> [Supplied data]:
========
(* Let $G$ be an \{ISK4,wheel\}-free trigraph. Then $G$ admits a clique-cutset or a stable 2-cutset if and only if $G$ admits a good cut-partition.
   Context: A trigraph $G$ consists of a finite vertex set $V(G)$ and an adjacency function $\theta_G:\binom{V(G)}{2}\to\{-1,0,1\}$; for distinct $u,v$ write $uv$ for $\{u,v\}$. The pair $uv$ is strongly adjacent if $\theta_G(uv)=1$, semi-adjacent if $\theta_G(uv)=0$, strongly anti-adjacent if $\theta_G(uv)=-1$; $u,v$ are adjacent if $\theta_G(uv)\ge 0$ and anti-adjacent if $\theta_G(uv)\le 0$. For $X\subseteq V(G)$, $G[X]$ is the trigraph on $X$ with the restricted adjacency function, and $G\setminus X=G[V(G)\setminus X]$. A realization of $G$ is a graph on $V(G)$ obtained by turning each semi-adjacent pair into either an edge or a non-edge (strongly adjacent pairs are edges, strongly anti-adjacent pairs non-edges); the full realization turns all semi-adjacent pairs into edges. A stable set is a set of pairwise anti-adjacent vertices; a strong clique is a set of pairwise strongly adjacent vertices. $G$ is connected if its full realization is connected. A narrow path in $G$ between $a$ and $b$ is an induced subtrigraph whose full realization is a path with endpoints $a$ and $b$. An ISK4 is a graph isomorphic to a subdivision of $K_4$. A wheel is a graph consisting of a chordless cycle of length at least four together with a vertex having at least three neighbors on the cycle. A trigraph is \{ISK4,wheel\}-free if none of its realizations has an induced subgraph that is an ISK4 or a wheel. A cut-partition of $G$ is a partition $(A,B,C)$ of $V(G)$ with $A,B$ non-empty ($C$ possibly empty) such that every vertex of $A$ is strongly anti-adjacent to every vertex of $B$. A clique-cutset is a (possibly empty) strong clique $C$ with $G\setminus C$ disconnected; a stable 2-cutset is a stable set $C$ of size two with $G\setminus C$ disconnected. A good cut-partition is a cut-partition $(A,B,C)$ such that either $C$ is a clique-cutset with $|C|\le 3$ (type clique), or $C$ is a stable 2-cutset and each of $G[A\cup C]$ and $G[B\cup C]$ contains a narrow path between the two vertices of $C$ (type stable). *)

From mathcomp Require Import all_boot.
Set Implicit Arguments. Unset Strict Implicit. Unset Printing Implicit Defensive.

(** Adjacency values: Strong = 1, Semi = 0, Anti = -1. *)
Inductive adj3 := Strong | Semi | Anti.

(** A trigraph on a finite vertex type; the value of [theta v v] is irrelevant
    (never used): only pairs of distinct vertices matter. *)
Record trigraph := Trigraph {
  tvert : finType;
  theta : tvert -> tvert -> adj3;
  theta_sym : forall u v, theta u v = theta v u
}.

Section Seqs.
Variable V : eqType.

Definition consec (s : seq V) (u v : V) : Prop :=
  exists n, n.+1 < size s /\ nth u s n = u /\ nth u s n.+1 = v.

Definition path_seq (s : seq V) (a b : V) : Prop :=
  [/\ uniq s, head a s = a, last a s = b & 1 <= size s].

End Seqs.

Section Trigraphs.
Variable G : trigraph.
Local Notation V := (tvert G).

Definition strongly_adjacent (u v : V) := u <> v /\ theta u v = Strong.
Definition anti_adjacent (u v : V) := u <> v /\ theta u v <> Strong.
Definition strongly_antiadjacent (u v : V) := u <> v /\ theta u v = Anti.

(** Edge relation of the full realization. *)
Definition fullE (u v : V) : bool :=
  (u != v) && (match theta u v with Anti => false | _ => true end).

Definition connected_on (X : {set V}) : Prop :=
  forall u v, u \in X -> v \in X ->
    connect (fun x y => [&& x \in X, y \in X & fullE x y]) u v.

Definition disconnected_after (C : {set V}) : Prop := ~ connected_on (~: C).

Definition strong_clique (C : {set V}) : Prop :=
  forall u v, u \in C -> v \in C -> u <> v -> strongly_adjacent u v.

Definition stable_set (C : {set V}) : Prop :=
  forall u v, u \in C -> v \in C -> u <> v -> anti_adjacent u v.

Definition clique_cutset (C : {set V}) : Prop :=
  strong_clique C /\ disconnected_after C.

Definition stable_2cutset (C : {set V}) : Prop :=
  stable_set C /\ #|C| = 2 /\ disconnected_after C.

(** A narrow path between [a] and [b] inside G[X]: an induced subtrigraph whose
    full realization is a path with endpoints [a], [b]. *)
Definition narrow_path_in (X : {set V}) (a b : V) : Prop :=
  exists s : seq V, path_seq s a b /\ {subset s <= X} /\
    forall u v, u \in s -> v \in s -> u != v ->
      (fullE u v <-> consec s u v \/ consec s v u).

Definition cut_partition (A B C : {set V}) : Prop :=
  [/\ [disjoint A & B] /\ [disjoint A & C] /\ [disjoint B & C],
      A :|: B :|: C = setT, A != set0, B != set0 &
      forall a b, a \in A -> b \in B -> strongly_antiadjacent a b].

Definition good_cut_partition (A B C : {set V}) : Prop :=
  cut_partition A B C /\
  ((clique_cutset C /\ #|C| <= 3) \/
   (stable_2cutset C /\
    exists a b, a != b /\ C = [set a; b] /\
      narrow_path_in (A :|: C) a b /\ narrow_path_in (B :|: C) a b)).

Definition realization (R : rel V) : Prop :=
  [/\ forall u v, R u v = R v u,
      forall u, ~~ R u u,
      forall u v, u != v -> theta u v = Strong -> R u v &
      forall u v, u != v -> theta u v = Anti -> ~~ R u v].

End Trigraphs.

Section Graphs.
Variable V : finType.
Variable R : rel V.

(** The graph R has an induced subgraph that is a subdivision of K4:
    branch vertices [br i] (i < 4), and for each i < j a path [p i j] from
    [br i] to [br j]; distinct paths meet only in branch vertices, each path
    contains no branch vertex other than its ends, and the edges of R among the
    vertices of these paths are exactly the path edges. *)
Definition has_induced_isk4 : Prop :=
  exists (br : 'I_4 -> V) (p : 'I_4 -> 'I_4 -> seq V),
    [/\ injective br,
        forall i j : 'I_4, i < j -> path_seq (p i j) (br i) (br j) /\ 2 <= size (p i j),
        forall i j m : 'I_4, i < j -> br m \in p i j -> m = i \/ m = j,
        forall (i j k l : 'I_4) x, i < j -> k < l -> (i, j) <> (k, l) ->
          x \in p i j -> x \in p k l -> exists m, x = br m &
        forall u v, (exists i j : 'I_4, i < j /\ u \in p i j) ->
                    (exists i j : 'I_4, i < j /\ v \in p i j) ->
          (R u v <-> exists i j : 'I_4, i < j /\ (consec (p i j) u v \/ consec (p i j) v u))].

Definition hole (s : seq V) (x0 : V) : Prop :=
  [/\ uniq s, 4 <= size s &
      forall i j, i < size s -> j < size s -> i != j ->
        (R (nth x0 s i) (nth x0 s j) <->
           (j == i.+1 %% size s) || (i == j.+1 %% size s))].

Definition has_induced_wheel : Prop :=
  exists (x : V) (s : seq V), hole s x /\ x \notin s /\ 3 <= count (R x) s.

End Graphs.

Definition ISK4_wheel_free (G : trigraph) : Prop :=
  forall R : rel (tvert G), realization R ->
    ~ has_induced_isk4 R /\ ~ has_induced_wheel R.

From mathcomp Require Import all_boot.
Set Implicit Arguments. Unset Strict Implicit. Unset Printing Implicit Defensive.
========
> [Action item]: Scan the entries above for the string "fullE" and copy each line containing it.

> [Written answer]:
Definition fullE (u v : V) : bool :=
    connect (fun x y => [&& x \in X, y \in X & fullE x y]) u v.
      (fullE u v <-> consec s u v \/ consec s v u).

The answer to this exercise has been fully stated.